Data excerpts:
=== Begin Enclosure ===
Lemma ge0_affine_near0 (R : realFieldType) (a b : R) :
  (forall t, 0 < t -> t <= 1 -> 0 <= a + t * b) -> 0 <= a.
Proof.
move=> affine_ge0; rewrite leNgt; apply/negP => a_lt0.
have [b_le0|b_gt0] := lerP b 0; first by have := affine_ge0 1 ltr01 (lexx 1); lra.
pose t := Num.min 1 (- a / (2 * b)).
have t_gt0 : 0 < t by rewrite lt_min ltr01 divr_gt0 ?mulr_gt0 // oppr_gt0.
have tb : t * (2 * b) <= - a.
  by rewrite -ler_pdivlMr ?mulr_gt0 // ge_min lexx orbT.
have t_le1 : t <= 1 by rewrite ge_min lexx.
by have := affine_ge0 t t_gt0 t_le1; lra.
Qed.

Definition wsqnorm (R : realType) (m : nat) (v x : 'rV[R]_m) : R :=
  \sum_(i < m) v ord0 i * x ord0 i ^+ 2.

Lemma wsqnorm_ge0 (R : realType) (m : nat) (v x : 'rV[R]_m) :
  (forall i, 0 <= v ord0 i) -> 0 <= wsqnorm v x.
Proof. by move=> v_ge0; apply: sumr_ge0 => i _; rewrite mulr_ge0 ?sqr_ge0. Qed.

Lemma wsqnorm_ge_coord (R : realType) (m : nat) (v x : 'rV[R]_m) i :
  (forall j, 0 <= v ord0 j) -> v ord0 i * x ord0 i ^+ 2 <= wsqnorm v x.
Proof.
move=> v_ge0; rewrite /wsqnorm (bigD1 i) //= lerDl.
by apply: sumr_ge0 => j _; rewrite mulr_ge0 ?sqr_ge0.
Qed.

Section Weighted_least_squares.
Variables (R : realType) (m : nat) (C : set 'rV[R]_m) (v x : 'rV[R]_m).
Hypotheses (convC : convex_rV C) (Cx : C x).
Hypothesis x_min : forall y, C y -> wsqnorm v x <= wsqnorm v y.

Lemma wsqnorm_min_vi y : C y ->
  0 <= \sum_(i < m) v ord0 i * x ord0 i * (y ord0 i - x ord0 i).
Proof.
move=> Cy; rewrite -(pmulr_rge0 _ (ltr0n _ 2)).
apply: (@ge0_affine_near0 _ _
  (\sum_(i < m) v ord0 i * (y ord0 i - x ord0 i) ^+ 2)) => t t_gt0 t_le1.
have := x_min (convC Cy Cx (ltW t_gt0) t_le1).
rewrite [X in _ <= X](eq_bigr (fun i => v ord0 i * x ord0 i ^+ 2 + t * (2 *
    (v ord0 i * x ord0 i * (y ord0 i - x ord0 i)) +
    t * (v ord0 i * (y ord0 i - x ord0 i) ^+ 2)))); last first.
  by move=> i _; rewrite !mxE; ring.
rewrite big_split /= -mulr_sumr big_split /= -!mulr_sumr.
by rewrite lerDl pmulr_rge0.
Qed.
(* Let $\mathcal{R}$ be a set of records equipped with a record-merge operation $\oplus:\mathcal{R}\times\mathcal{R}\to\mathcal{R}$, and let $(\Phi,\prec)$ be the partially ordered set of execution phases described in the context. Let $\mathcal{W}$ be a wisdom library that is phase-correct, and let $p_1,\ldots,p_n\in\mathcal{W}$ ($n\ge 1$) be in valid phase order, i.e. $\phi(p_1)\prec\phi(p_2)\prec\cdots\prec\phi(p_n)$. Suppose each $p_i$ is individually correct: for all $x\in I_{p_i}$, $p_i(x)\in O_{p_i}$. Then the composed pipeline $P=p_1\mathbin{;}\cdots\mathbin{;}p_n$ is correct: for every $x\in I_{p_1}$, every intermediate input $x_i$ lies in $I_{p_i}$ (so the pipeline is well defined), and its output $P(x)=p_n(x_n)$ lies in $O_{p_n}$.
   Context: A wisdom program $p$ consists of an execution phase $\phi(p)\in\Phi$, an input schema $I_p\subseteq\mathcal{R}$, an output schema $O_p\subseteq\mathcal{R}$, and a function (its denotation) $x\mapsto p(x)$ defined on $I_p$ with values in $\mathcal{R}$. A wisdom library $\mathcal{W}$ is a finite set of wisdom programs. The phase set is $\Phi=\{\mathsf{pre},\mathsf{ctx},\mathsf{post},\mathsf{auto},\mathsf{render},\mathsf{rel},\mathsf{agg},\mathsf{idx}\}$, partially ordered by the order $\prec$ generated by $\mathsf{pre}\prec\mathsf{ctx}\prec\mathsf{agg}\prec\mathsf{post}\prec\mathsf{render}$, $\mathsf{rel}\prec\mathsf{agg}$, $\mathsf{post}\prec\mathsf{auto}$, with $\mathsf{idx}$ incomparable to all others. Sequential composition $p\mathbin{;}q$ (for $\phi(p)\prec\phi(q)$) runs $p$ on input $x$ and then runs $q$ on the merged input $x\oplus p(x)$; here $\oplus$ is schema-compatible record merge (fields of $x$ are preserved and fields of $p(x)$ are added). Accordingly, the pipeline $p_1\mathbin{;}\cdots\mathbin{;}p_n$ on input $x$ is defined by $x_1=x$, $x_{i+1}=x_i\oplus p_i(x_i)$ for $1\le i<n$, with output $p_n(x_n)$. A wisdom library $\mathcal{W}$ is phase-correct if: (a) for every $p,q\in\mathcal{W}$ with $\phi(p)\prec\phi(q)$ and every $x\in I_p$, one has $x\oplus p(x)\in I_q$; (b) the aggregation program (phase $\mathsf{agg}$) accepts as input the union of all outputs of programs with phase $\prec\mathsf{agg}$; and (c) the rendering programs (phase $\mathsf{render}$) accept the output of the aggregation program as input. *)

From Stdlib Require Import List Relations.
Import ListNotations.
Set Implicit Arguments.

Inductive phase : Type := pre | ctx | post | auto | render | rel | agg | idx.

Inductive phase_gen : phase -> phase -> Prop :=
| g_pre_ctx : phase_gen pre ctx
| g_ctx_agg : phase_gen ctx agg
| g_agg_post : phase_gen agg post
| g_post_render : phase_gen post render
| g_rel_agg : phase_gen rel agg
| g_post_auto : phase_gen post auto.

Definition phase_lt : phase -> phase -> Prop := clos_trans phase phase_gen.

Record wprog (R : Type) : Type := WProg {
  wphase : phase;
  winp : R -> Prop;
  wout : R -> Prop;
  wfun : R -> R       (* denotation; only meaningful on I_p *)
}.

Definition library (R : Type) := list (wprog R).

Section Defs.
Variable R : Type.
Variable merge : R -> R -> R.

Definition phase_correct (W : library R) : Prop :=
  (forall p q, In p W -> In q W -> phase_lt (wphase p) (wphase q) ->
     forall x, winp p x -> winp q (merge x (wfun p x))) /\
  (forall a p, In a W -> wphase a = agg -> In p W -> phase_lt (wphase p) agg ->
     forall y, wout p y -> winp a y) /\
  (forall a r, In a W -> wphase a = agg -> In r W -> wphase r = render ->
     forall y, wout a y -> winp r y).

Fixpoint phase_chain (ps : list (wprog R)) : Prop :=
  match ps with
  | p :: ((q :: _) as ps') => phase_lt (wphase p) (wphase q) /\ phase_chain ps'
  | _ => True
  end.

Fixpoint pipeline_inputs (x : R) (ps : list (wprog R)) : list R :=
  match ps with
  | [] => []
  | p :: ps' => x :: pipeline_inputs (merge x (wfun p x)) ps'
  end.

Fixpoint pipeline_output (x : R) (p : wprog R) (ps : list (wprog R)) : R :=
  match ps with
  | [] => wfun p x
  | q :: qs => pipeline_output (merge x (wfun p x)) q qs
  end.
End Defs.

(** Condition (a) of phase-correctness says exactly that each stage of a
    phase-ordered pipeline hands a well-typed input to the next one, so by
    induction along the pipeline every intermediate input [x_i] lies in
    [I_{p_i}]; the output is then correct because the last program is. *)

From Stdlib Require Import List.

Lemma last_cons_cons (A : Type) (p q : A) (qs : list A) :
  last (q :: qs) p = last qs q.
Proof.
  revert p q. induction qs as [|r rs IH]; intros p q; [reflexivity|].
  change (last (r :: rs) p = last (r :: rs) q). now rewrite !IH.
Qed.

Lemma in_last_cons (A : Type) (d : A) (l : list A) : In (last l d) (d :: l).
Proof.
  revert d. induction l as [|a l IH]; intros d; [now left|].
  rewrite last_cons_cons. right. apply IH.
Qed.

Section Pipeline.

Variables (R : Type) (merge : R -> R -> R) (W : library R).

Hypothesis merge_input_correct :
  forall p q, In p W -> In q W -> phase_lt (wphase p) (wphase q) ->
  forall x, winp p x -> winp q (merge x (wfun p x)).

Lemma pipeline_inputs_correct (ps : list (wprog R)) :
  forall p x, incl (p :: ps) W -> phase_chain (p :: ps) -> winp p x ->
  Forall2 (fun q y => winp q y) (p :: ps) (pipeline_inputs merge x (p :: ps)).
Proof.
  induction ps as [|q qs IH]; intros p x HW Hchain Hx.
  - now constructor.
  - destruct Hchain as [Hpq Hchain].
    constructor; [exact Hx|].
    apply IH; [exact (proj2 (incl_cons_inv HW)) | exact Hchain |].
    apply (merge_input_correct p q); auto with datatypes.
Qed.

Lemma pipeline_output_correct (ps : list (wprog R)) :
  forall p x, incl (p :: ps) W -> phase_chain (p :: ps) -> winp p x ->
  (forall y, winp (last ps p) y -> wout (last ps p) (wfun (last ps p) y)) ->
  wout (last ps p) (pipeline_output merge x p ps).
Proof.
  induction ps as [|q qs IH]; intros p x HW Hchain Hx Hlast.
  - now apply Hlast.
  - destruct Hchain as [Hpq Hchain].
    rewrite last_cons_cons in *.
    apply IH; [exact (proj2 (incl_cons_inv HW)) | exact Hchain | | exact Hlast].
    apply (merge_input_correct p q); auto with datatypes.
Qed.

End Pipeline.

Theorem theorem4p2 (R : Type) (merge : R -> R -> R) (W : library R)
  (p1 : wprog R) (ps : list (wprog R)) :
  phase_correct merge W ->
  (forall p, In p (p1 :: ps) -> In p W) ->
  phase_chain (p1 :: ps) ->
  (forall p, In p (p1 :: ps) -> forall x, winp p x -> wout p (wfun p x)) ->
  forall x, winp p1 x ->
    Forall2 (fun p y => winp p y) (p1 :: ps) (pipeline_inputs merge x (p1 :: ps)) /\
    wout (last ps p1) (pipeline_output merge x p1 ps).
Proof.
  intros [merge_input_correct _] HW Hchain Hcorrect x Hx.
  split.
  - now apply (pipeline_inputs_correct _ merge W).
  - apply (pipeline_output_correct _ merge W); try assumption.
    apply Hcorrect, in_last_cons.
Qed.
=== End Enclosure ===
• DIRECTIONS
Throughout the data, tally the lines that hold the string "Require" and report the tally alone.

• REPLY TO THE EXERCISE
2